## [Problem statement]
Where "ring" occurs in a line of the entries below, copy that line.

Stored items
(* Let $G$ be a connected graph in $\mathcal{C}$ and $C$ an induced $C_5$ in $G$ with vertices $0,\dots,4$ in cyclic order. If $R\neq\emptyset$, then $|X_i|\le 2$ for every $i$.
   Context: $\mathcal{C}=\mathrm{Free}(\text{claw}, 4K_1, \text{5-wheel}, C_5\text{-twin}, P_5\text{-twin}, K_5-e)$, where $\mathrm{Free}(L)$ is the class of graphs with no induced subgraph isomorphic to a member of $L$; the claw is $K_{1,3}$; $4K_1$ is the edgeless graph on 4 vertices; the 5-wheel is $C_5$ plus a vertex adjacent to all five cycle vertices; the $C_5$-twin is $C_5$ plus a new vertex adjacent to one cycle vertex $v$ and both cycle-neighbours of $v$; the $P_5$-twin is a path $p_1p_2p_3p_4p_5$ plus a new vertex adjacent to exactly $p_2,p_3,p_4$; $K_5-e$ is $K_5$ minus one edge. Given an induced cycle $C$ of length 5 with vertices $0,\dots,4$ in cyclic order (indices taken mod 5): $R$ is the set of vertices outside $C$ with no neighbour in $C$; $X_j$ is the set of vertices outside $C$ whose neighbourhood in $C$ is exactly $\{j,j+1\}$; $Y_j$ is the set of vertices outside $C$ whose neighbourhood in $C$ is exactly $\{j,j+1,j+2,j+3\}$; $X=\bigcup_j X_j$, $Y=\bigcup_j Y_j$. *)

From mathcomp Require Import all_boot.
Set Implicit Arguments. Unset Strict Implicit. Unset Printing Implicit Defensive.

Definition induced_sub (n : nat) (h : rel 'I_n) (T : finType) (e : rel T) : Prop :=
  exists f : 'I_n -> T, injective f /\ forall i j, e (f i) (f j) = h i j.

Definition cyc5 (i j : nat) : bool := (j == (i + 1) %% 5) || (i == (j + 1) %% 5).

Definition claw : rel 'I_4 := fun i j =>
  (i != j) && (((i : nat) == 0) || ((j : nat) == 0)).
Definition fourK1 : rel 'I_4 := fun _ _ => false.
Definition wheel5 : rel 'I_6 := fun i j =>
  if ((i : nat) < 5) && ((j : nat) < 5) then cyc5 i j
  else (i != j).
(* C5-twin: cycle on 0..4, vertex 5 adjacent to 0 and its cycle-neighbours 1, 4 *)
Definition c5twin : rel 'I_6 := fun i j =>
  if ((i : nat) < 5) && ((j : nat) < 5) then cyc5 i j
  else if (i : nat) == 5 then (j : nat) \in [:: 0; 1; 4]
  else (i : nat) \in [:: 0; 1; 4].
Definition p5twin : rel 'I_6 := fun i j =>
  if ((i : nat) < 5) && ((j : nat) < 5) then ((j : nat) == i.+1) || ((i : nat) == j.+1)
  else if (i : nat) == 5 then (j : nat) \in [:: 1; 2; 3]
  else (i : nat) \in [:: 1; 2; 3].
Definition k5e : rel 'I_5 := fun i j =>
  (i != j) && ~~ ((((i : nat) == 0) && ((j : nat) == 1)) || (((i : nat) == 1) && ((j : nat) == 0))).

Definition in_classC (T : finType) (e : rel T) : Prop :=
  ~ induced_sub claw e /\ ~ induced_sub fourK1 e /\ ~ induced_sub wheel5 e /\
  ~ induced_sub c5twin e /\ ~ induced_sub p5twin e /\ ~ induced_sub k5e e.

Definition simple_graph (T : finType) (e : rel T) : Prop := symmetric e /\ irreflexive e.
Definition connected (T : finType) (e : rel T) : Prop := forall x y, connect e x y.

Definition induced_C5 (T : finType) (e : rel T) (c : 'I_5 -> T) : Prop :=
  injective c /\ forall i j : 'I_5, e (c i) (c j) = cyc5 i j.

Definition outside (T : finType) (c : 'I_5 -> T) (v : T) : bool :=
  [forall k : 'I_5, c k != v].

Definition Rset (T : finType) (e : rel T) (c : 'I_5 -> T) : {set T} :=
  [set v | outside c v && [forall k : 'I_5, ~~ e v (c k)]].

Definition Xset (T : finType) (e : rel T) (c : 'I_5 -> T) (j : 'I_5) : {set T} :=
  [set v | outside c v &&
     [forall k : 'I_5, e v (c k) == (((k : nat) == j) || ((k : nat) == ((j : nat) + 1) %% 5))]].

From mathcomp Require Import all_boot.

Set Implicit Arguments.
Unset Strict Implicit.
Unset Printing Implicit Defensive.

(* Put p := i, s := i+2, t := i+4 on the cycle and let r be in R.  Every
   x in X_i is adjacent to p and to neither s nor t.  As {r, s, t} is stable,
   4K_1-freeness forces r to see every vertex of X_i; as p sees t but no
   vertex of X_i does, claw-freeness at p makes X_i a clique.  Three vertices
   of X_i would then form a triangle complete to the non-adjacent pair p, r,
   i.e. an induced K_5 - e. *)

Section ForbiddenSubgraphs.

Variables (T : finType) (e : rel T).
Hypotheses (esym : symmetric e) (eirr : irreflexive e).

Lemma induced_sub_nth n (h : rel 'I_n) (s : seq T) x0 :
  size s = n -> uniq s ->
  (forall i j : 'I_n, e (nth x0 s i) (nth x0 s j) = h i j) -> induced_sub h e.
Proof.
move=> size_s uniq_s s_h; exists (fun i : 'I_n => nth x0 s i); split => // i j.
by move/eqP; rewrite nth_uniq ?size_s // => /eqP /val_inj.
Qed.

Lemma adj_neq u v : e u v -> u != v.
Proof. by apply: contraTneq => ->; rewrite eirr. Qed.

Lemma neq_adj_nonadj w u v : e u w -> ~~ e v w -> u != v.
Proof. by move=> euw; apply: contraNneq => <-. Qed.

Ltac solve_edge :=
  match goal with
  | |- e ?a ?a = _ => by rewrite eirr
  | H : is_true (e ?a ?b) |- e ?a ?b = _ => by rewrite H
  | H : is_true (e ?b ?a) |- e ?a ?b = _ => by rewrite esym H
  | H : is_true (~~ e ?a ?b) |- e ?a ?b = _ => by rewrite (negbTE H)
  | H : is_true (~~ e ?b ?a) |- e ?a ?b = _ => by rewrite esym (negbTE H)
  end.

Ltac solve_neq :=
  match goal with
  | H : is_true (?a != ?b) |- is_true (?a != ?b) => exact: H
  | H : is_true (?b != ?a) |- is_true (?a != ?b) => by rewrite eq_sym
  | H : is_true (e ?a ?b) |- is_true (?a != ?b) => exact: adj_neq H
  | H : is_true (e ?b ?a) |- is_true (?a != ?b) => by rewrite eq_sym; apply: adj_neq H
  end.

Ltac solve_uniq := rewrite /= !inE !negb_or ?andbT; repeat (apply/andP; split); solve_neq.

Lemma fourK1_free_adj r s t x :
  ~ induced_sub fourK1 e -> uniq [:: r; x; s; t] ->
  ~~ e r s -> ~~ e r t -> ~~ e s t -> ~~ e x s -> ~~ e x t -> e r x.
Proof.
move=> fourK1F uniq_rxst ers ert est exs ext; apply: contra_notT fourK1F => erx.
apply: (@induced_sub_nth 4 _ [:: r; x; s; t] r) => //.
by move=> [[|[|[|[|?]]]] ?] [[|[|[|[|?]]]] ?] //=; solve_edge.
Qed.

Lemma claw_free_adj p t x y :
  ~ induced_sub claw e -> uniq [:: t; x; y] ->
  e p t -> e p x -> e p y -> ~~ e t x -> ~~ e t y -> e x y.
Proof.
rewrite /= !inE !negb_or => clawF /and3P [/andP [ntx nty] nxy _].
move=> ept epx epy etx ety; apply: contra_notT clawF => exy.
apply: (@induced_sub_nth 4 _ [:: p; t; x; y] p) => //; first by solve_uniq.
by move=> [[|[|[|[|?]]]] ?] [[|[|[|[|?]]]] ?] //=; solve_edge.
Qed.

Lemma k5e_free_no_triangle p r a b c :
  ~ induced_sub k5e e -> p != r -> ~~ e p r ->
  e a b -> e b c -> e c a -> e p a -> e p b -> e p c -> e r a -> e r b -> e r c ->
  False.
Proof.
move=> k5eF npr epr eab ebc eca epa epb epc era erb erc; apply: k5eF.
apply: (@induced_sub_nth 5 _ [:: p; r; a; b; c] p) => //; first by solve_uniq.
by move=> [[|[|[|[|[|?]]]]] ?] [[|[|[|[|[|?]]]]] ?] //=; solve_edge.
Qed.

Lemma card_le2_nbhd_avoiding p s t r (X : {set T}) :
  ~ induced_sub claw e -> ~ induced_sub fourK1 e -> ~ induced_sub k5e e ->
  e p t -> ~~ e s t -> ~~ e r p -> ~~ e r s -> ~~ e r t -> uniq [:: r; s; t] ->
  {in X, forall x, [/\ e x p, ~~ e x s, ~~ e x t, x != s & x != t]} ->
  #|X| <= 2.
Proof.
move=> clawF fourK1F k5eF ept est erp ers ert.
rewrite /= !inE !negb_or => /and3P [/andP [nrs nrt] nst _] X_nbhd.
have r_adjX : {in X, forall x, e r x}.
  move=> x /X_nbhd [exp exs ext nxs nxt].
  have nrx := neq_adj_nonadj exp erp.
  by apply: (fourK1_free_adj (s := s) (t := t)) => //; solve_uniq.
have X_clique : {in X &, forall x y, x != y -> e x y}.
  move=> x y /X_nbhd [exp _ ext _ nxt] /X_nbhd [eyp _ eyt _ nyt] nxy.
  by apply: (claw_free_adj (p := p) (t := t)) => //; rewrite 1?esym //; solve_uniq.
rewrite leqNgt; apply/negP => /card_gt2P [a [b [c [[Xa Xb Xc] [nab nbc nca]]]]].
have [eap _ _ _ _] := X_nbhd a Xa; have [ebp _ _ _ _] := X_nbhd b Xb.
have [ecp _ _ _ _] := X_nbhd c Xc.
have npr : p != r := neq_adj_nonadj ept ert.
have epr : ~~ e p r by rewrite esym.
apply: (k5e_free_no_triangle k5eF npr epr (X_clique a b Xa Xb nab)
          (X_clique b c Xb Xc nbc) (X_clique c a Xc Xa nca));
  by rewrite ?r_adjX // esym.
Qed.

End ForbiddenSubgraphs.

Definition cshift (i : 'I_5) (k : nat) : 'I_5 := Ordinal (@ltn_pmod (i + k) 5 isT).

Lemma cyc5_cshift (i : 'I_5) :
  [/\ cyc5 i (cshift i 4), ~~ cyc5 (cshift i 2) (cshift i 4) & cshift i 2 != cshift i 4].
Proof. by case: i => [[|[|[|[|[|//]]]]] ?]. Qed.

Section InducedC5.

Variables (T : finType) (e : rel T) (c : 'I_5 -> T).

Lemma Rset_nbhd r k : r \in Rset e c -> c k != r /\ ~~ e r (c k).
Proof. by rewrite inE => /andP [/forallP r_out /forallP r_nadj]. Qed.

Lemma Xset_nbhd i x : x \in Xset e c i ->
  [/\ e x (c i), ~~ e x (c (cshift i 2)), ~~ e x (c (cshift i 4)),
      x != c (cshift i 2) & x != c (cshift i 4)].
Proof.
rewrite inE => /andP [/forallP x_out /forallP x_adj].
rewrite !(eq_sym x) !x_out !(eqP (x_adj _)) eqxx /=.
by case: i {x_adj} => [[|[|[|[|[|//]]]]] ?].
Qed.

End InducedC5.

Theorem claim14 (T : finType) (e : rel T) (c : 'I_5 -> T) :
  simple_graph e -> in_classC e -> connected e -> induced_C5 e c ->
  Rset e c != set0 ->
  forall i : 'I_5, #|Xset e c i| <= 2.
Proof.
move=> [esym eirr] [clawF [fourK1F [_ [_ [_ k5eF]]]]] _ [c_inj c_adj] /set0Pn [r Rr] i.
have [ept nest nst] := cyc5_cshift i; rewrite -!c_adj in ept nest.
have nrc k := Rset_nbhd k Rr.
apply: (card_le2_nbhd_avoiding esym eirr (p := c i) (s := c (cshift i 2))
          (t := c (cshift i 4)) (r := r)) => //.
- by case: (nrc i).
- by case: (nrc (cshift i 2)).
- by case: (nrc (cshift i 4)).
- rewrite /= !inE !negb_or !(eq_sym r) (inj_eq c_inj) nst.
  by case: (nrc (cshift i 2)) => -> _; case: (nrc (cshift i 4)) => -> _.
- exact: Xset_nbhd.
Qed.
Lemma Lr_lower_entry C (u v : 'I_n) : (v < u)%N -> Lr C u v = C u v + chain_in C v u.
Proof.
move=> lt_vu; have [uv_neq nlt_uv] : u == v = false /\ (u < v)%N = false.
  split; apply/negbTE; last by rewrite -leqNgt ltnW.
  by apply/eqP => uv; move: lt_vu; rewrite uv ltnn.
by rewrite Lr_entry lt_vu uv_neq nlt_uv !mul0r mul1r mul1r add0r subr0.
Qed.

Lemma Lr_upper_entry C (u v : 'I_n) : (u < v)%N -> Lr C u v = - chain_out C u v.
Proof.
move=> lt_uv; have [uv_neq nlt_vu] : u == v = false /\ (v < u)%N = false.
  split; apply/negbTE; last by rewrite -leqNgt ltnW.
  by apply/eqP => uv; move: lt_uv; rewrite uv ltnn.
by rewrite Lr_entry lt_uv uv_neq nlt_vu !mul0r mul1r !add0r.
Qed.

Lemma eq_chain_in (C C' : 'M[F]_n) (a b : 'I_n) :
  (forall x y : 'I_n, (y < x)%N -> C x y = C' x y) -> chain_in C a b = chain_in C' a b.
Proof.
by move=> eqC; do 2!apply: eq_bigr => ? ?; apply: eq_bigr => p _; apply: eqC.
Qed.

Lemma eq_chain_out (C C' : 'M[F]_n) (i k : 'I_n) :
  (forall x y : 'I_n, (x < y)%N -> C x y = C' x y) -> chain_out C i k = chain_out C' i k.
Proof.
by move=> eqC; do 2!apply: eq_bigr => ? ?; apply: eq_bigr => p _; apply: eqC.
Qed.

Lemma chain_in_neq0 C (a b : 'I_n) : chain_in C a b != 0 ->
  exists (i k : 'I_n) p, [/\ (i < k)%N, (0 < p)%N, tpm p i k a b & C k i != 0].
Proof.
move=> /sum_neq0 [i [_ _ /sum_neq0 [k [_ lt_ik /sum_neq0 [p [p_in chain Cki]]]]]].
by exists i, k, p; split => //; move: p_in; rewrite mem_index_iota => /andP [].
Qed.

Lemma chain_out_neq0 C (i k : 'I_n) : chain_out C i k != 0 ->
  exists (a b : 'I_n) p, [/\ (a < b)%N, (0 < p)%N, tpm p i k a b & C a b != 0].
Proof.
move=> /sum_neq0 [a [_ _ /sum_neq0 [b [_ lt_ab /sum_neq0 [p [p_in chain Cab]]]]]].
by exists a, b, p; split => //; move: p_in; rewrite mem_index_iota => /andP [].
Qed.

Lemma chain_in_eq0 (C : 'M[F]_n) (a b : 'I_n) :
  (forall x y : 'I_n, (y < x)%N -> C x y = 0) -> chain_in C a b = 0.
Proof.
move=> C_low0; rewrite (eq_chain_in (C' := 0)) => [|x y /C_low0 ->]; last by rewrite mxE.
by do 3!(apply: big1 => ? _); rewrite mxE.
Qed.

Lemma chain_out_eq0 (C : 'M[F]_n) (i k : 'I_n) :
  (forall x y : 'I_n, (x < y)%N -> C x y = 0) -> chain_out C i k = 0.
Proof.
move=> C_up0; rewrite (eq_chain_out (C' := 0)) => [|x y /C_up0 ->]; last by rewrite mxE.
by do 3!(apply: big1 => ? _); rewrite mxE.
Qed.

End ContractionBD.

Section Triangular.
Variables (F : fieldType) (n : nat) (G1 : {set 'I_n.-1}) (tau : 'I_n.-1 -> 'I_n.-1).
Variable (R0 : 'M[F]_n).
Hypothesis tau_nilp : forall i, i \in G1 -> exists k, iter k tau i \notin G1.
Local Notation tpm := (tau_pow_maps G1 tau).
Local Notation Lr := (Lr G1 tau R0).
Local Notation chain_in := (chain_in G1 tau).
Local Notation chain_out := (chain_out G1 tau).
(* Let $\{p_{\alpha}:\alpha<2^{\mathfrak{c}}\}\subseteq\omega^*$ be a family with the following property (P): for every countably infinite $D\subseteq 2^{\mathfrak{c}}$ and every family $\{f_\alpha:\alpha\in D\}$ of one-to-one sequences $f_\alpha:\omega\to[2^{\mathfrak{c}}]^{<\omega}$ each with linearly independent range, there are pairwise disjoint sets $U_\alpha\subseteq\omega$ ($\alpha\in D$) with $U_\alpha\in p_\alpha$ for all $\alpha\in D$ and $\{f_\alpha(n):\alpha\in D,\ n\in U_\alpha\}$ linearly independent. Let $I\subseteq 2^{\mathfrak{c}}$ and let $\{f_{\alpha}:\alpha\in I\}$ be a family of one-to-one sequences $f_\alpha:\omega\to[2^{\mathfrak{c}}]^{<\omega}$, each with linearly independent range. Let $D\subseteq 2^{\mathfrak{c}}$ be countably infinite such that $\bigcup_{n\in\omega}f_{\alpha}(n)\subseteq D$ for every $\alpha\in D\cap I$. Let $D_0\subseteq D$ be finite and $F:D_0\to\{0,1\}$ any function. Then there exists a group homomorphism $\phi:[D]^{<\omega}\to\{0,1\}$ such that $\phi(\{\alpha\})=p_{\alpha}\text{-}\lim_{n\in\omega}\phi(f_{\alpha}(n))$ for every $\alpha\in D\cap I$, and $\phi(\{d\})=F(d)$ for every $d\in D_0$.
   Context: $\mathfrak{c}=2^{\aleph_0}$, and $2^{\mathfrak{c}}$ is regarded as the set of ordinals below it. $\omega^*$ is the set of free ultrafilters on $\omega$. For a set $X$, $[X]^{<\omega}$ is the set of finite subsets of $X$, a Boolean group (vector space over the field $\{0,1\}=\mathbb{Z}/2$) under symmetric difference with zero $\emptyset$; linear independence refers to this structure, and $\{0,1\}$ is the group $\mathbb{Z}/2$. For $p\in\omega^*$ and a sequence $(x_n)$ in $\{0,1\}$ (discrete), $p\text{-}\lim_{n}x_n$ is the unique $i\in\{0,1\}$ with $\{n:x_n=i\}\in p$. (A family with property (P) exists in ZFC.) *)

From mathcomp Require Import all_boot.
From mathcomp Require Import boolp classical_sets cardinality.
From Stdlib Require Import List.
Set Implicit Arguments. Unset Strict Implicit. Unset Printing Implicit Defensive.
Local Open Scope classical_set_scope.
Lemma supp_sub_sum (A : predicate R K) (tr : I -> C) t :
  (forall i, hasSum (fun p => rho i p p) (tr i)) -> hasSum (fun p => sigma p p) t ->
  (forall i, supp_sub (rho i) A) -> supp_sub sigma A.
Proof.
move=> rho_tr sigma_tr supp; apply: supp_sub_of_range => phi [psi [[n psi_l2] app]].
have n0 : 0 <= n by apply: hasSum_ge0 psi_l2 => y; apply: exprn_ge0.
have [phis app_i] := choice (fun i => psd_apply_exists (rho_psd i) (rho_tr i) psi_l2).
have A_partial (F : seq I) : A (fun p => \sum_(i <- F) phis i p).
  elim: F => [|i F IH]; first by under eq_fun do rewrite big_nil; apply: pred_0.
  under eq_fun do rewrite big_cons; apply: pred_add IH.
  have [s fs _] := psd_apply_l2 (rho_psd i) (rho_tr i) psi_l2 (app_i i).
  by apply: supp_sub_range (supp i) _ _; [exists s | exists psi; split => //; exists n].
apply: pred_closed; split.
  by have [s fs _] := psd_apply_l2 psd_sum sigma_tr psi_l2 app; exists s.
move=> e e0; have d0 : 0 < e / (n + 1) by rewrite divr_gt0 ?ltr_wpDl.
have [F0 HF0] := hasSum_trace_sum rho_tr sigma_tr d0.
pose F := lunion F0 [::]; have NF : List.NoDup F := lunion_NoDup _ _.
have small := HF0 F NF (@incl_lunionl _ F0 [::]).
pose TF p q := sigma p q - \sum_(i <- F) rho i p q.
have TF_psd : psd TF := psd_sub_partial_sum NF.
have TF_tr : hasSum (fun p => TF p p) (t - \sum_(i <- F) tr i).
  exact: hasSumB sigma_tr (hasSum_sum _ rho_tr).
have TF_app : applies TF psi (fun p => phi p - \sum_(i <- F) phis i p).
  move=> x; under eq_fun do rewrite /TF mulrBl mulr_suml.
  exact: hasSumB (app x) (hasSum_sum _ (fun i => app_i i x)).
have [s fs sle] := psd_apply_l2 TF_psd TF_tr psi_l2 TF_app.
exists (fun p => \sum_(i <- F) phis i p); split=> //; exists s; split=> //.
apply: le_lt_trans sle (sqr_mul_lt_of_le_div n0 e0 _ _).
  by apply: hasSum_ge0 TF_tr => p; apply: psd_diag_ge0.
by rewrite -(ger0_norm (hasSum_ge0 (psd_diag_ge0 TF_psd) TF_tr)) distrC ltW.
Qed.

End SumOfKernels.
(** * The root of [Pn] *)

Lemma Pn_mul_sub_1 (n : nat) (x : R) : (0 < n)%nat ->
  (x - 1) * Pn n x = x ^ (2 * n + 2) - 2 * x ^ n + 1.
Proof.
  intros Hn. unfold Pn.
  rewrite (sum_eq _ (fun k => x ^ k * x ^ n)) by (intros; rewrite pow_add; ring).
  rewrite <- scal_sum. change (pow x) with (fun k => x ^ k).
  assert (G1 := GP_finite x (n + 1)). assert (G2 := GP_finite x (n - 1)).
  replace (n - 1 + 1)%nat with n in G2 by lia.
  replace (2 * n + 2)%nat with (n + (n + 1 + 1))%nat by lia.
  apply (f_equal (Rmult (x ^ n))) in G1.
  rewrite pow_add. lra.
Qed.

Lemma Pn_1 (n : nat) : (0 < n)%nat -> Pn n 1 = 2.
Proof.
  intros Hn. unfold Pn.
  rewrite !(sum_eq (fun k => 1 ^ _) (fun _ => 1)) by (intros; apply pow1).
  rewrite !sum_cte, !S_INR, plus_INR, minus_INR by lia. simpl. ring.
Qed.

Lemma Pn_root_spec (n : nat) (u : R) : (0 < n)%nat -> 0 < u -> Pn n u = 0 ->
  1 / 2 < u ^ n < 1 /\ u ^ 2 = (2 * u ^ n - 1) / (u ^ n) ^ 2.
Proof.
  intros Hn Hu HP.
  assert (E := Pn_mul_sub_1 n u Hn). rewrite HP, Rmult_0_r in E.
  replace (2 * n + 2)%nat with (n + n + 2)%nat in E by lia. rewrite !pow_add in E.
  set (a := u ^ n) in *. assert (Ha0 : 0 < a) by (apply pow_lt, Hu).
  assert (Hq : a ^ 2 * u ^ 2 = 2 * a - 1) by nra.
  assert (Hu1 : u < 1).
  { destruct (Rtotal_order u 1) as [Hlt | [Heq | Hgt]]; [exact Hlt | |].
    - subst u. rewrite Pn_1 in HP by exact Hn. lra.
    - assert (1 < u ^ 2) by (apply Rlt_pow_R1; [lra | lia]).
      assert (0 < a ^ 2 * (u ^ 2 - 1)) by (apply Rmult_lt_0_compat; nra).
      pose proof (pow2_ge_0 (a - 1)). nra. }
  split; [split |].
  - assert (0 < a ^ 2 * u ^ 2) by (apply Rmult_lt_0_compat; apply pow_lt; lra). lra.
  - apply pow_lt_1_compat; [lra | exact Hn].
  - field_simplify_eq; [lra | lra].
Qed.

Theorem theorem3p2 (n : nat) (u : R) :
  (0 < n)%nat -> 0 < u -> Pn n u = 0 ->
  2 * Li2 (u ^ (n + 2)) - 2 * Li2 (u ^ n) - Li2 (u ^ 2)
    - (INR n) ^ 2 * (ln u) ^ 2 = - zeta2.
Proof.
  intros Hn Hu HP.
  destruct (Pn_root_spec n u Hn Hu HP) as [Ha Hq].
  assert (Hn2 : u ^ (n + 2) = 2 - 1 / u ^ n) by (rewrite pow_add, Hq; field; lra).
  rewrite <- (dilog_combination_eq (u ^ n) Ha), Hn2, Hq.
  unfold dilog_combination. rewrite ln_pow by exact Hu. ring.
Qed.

## [Solution to this exercise]
  rewrite (sum_eq _ (fun k => x ^ k * x ^ n)) by (intros; rewrite pow_add; ring).
  rewrite !sum_cte, !S_INR, plus_INR, minus_INR by lia. simpl. ring.
  unfold dilog_combination. rewrite ln_pow by exact Hu. ring.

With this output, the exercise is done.